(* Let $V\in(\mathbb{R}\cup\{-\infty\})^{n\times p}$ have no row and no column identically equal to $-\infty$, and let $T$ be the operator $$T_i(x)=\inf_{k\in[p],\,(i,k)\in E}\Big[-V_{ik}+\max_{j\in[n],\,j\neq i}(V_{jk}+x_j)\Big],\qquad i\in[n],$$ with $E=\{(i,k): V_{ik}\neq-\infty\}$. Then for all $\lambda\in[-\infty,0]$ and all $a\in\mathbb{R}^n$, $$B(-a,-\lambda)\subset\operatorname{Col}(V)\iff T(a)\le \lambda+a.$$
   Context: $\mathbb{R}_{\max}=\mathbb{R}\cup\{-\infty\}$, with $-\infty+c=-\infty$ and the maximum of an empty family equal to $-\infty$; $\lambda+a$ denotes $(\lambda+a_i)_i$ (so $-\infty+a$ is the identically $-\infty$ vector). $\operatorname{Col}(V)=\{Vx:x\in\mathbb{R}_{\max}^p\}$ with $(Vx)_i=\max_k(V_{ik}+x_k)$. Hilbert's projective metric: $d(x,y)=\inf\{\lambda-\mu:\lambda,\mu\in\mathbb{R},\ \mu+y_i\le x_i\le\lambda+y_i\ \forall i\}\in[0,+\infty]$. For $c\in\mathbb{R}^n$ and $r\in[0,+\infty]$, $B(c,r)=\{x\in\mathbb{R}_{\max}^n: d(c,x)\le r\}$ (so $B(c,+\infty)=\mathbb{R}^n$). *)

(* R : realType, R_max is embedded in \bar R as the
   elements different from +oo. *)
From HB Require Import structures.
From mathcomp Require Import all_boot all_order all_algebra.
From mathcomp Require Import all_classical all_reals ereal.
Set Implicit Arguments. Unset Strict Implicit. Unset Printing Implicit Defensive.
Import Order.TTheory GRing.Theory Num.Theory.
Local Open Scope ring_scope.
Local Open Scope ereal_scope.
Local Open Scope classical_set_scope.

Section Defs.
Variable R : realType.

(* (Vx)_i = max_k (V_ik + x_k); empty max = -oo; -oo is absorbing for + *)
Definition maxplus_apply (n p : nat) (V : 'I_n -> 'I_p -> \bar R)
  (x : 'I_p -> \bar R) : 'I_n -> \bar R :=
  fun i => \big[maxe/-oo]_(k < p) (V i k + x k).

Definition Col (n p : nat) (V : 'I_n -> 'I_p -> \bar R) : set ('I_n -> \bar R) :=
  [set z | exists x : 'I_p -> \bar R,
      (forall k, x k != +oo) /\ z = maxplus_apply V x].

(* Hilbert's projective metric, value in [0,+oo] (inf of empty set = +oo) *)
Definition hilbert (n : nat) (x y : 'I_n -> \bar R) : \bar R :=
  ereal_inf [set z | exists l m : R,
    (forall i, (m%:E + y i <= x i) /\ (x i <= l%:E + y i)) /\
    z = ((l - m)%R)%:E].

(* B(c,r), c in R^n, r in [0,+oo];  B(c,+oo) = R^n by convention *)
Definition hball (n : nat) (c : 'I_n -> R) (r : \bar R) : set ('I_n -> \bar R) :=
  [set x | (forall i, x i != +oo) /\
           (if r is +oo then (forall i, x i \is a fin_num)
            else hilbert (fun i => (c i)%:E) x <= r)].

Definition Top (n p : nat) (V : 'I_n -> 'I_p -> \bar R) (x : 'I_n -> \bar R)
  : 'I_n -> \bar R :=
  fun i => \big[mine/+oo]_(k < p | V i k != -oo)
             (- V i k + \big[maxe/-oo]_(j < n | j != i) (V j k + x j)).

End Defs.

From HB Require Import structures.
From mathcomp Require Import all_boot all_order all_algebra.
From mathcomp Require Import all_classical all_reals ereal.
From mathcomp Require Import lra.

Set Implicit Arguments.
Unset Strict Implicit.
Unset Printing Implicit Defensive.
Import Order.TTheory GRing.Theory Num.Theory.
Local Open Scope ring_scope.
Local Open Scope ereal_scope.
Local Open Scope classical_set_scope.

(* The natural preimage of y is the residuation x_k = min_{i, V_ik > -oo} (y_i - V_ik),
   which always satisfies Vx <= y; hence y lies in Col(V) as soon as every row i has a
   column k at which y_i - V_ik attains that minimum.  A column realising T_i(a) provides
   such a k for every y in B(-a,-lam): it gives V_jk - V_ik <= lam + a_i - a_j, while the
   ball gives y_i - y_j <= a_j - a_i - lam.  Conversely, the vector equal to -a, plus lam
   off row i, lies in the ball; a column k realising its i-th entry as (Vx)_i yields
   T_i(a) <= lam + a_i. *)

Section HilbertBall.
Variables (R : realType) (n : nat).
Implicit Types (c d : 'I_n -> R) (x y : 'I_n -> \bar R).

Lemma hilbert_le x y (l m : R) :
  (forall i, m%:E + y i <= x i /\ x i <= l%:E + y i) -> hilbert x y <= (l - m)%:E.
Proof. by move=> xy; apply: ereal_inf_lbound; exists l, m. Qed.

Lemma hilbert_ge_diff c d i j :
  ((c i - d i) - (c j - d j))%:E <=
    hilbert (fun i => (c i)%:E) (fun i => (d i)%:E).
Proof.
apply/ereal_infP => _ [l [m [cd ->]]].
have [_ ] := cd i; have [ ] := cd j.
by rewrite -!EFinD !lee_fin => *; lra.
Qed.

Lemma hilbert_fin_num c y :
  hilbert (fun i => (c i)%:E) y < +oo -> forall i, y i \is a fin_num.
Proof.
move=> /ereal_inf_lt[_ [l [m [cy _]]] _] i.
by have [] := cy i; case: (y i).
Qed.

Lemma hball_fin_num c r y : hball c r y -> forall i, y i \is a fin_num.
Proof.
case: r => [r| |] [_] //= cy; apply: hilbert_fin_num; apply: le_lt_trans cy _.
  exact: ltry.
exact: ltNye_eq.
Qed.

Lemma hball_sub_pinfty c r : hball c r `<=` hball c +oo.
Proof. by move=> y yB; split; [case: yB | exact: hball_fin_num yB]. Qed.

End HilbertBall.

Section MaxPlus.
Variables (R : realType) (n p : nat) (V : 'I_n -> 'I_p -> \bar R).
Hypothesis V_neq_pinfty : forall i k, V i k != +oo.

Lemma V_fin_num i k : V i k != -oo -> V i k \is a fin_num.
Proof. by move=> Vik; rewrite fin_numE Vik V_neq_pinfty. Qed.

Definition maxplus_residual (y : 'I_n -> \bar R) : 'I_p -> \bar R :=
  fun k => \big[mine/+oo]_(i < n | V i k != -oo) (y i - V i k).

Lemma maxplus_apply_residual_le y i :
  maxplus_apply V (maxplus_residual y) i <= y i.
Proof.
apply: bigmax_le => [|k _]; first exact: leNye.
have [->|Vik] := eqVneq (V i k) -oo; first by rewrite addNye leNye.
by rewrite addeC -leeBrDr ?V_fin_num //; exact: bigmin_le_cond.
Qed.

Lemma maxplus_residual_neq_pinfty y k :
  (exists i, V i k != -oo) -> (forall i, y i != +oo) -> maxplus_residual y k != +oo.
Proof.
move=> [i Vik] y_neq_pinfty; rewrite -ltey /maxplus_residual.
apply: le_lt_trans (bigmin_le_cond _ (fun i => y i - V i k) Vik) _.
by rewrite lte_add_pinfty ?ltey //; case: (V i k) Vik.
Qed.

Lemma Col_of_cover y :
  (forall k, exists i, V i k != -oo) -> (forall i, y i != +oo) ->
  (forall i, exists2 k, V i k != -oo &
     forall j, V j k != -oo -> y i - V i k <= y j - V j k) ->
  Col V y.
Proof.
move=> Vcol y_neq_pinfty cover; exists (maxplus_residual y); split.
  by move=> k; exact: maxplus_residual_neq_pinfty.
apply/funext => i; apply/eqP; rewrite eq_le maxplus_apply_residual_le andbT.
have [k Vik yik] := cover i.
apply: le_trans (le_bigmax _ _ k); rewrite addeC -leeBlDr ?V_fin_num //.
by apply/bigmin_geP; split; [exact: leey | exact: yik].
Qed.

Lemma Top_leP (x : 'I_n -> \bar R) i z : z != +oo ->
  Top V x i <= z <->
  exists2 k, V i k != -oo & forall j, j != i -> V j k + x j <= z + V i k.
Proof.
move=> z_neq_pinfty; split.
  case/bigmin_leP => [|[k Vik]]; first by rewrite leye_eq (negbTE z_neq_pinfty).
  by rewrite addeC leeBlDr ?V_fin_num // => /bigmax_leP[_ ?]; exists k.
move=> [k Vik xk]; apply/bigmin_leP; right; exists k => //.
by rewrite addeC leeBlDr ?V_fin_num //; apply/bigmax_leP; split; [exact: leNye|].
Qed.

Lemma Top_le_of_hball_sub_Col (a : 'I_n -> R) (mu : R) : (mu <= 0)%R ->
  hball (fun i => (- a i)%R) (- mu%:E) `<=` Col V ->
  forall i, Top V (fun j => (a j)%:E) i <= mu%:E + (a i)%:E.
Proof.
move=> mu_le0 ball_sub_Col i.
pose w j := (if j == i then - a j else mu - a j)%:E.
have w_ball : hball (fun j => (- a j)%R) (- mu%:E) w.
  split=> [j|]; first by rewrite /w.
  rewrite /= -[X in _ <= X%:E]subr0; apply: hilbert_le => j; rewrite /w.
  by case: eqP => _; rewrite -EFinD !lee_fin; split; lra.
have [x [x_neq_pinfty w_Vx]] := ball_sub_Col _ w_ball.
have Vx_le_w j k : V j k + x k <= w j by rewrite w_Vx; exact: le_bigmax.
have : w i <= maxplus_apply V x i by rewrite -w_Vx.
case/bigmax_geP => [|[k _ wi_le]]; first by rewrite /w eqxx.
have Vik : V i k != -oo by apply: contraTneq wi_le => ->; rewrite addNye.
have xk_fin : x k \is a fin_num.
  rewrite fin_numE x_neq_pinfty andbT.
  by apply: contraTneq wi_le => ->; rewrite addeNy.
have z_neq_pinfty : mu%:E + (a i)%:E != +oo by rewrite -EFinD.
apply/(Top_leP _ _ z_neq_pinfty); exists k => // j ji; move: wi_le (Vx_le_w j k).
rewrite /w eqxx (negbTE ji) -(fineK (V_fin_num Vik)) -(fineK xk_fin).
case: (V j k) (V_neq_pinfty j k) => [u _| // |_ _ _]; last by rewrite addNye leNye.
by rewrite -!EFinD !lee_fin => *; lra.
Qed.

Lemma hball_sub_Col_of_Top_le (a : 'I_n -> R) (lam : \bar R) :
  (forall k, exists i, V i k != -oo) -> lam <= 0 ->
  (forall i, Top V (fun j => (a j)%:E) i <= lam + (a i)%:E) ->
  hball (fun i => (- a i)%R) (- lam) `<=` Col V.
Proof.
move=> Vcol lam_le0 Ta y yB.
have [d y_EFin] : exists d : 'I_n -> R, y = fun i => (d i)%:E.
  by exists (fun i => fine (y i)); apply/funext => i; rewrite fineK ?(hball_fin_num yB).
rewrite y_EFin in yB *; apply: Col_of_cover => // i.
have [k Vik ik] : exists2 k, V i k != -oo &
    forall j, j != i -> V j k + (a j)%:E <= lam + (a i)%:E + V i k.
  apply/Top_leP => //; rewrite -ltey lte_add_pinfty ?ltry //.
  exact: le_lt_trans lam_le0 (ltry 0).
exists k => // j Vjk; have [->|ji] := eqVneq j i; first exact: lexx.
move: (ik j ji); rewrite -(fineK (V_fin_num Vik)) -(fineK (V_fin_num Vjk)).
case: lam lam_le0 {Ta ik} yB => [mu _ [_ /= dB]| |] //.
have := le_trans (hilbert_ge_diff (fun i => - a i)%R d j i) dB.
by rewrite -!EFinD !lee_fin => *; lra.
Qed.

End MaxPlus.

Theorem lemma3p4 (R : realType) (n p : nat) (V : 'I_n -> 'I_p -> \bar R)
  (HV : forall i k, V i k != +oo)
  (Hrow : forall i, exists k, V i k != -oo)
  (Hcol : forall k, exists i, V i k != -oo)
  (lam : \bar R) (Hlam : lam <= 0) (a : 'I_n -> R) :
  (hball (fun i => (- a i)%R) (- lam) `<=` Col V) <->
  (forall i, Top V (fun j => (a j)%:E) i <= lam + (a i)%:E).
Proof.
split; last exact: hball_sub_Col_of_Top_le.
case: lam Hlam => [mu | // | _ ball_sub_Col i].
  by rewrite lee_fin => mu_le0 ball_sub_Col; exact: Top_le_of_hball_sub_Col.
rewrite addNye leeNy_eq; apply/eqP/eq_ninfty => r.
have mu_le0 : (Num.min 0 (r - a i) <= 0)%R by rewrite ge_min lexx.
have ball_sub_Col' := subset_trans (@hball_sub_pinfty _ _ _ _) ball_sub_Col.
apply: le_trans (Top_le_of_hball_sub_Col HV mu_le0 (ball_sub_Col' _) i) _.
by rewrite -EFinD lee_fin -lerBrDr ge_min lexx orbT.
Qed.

________________________

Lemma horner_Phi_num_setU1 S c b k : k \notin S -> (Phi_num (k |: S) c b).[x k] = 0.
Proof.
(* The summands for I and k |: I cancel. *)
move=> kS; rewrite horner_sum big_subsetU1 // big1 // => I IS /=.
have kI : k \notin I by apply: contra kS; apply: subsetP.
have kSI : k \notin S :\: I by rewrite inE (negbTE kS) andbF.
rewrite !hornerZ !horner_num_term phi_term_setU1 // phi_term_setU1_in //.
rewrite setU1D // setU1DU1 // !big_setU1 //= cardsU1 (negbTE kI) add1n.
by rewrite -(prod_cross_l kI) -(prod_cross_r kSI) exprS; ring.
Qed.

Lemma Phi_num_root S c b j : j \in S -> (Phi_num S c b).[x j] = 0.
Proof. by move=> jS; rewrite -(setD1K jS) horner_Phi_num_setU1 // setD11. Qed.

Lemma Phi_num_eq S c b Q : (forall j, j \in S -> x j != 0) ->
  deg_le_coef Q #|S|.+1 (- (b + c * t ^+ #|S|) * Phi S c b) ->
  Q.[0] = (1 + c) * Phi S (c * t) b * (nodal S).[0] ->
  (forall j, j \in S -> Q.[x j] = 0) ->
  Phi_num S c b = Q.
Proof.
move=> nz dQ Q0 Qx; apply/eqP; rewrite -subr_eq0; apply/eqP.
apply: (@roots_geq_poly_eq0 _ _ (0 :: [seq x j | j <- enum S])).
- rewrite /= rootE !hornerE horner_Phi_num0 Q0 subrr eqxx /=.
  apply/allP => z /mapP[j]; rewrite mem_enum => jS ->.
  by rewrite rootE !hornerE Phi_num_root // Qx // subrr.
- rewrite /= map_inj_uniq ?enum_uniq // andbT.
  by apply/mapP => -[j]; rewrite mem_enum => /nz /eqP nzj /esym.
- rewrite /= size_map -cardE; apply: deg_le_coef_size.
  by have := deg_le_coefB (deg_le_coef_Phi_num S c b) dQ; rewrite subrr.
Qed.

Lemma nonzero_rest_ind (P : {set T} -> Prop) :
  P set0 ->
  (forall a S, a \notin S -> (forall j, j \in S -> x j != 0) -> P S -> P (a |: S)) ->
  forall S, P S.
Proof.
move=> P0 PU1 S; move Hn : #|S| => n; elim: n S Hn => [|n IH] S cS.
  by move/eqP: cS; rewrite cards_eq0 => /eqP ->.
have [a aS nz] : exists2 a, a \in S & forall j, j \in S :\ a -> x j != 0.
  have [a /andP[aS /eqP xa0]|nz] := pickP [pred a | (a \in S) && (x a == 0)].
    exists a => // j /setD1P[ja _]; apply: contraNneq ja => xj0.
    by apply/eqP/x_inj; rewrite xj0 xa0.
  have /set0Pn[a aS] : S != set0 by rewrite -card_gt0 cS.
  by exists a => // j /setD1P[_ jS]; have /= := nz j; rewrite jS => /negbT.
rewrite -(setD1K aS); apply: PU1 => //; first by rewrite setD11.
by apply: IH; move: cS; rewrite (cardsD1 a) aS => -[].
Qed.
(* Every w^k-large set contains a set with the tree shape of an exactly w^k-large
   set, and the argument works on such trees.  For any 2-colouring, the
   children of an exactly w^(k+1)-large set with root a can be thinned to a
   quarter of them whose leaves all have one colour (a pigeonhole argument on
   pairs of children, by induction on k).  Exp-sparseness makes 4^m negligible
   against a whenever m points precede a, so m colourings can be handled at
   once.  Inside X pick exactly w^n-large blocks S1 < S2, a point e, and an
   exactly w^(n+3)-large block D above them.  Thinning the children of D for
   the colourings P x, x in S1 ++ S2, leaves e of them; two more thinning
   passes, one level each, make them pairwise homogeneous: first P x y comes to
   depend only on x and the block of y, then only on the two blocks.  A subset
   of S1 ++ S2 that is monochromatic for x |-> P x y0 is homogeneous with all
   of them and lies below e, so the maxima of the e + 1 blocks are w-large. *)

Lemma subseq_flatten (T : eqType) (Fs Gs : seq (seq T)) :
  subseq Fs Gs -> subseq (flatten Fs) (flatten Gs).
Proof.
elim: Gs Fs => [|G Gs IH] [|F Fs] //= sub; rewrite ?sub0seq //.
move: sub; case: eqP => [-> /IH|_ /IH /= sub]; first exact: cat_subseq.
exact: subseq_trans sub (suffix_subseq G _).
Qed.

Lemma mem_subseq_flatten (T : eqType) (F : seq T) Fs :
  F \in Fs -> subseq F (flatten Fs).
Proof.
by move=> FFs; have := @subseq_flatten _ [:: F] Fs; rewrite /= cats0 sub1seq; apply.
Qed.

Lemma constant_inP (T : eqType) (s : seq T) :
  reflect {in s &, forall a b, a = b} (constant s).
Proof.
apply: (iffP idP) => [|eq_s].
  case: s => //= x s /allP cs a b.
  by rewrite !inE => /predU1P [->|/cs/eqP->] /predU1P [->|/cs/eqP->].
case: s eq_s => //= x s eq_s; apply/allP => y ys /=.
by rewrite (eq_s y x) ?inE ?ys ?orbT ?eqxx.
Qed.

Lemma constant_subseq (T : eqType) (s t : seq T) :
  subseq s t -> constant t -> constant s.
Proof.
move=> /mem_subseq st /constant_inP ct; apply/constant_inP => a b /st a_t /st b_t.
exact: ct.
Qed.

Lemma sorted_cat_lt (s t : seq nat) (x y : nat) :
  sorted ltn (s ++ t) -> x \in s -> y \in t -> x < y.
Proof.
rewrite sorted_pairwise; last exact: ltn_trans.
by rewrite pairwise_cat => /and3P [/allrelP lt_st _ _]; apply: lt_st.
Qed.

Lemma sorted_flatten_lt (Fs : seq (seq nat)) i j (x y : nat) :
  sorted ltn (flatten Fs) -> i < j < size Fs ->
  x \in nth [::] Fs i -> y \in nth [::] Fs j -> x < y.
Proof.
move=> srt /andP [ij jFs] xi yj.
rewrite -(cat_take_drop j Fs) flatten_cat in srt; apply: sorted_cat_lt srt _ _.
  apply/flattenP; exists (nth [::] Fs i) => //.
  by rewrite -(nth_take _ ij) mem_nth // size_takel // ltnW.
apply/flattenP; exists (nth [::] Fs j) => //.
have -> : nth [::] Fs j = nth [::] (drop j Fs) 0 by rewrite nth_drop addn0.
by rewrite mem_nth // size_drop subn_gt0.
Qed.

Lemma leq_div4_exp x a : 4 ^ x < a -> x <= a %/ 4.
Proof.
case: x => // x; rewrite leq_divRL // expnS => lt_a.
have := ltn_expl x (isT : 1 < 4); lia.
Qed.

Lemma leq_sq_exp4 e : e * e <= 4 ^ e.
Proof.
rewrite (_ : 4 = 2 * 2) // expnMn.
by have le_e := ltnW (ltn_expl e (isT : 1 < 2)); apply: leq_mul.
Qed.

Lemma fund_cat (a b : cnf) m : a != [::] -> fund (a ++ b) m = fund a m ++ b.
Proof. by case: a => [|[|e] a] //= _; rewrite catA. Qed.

________________________

→ Try it:
All lines above from the one containing "- rewrite /= size_map" to the one containing "of them and" must be repeated exactly, both lines included, and no others.

→ Task output:
- rewrite /= size_map -cardE; apply: deg_le_coef_size.
  by have := deg_le_coefB (deg_le_coef_Phi_num S c b) dQ; rewrite subrr.
Qed.

Lemma nonzero_rest_ind (P : {set T} -> Prop) :
  P set0 ->
  (forall a S, a \notin S -> (forall j, j \in S -> x j != 0) -> P S -> P (a |: S)) ->
  forall S, P S.
Proof.
move=> P0 PU1 S; move Hn : #|S| => n; elim: n S Hn => [|n IH] S cS.
  by move/eqP: cS; rewrite cards_eq0 => /eqP ->.
have [a aS nz] : exists2 a, a \in S & forall j, j \in S :\ a -> x j != 0.
  have [a /andP[aS /eqP xa0]|nz] := pickP [pred a | (a \in S) && (x a == 0)].
    exists a => // j /setD1P[ja _]; apply: contraNneq ja => xj0.
    by apply/eqP/x_inj; rewrite xj0 xa0.
  have /set0Pn[a aS] : S != set0 by rewrite -card_gt0 cS.
  by exists a => // j /setD1P[_ jS]; have /= := nz j; rewrite jS => /negbT.
rewrite -(setD1K aS); apply: PU1 => //; first by rewrite setD11.
by apply: IH; move: cS; rewrite (cardsD1 a) aS => -[].
Qed.
(* Every w^k-large set contains a set with the tree shape of an exactly w^k-large
   set, and the argument works on such trees.  For any 2-colouring, the
   children of an exactly w^(k+1)-large set with root a can be thinned to a
   quarter of them whose leaves all have one colour (a pigeonhole argument on
   pairs of children, by induction on k).  Exp-sparseness makes 4^m negligible
   against a whenever m points precede a, so m colourings can be handled at
   once.  Inside X pick exactly w^n-large blocks S1 < S2, a point e, and an
   exactly w^(n+3)-large block D above them.  Thinning the children of D for
   the colourings P x, x in S1 ++ S2, leaves e of them; two more thinning
   passes, one level each, make them pairwise homogeneous: first P x y comes to
   depend only on x and the block of y, then only on the two blocks.  A subset
   of S1 ++ S2 that is monochromatic for x |-> P x y0 is homogeneous with all
   of them and lies below e, so the maxima of the e + 1 blocks are w-large. *)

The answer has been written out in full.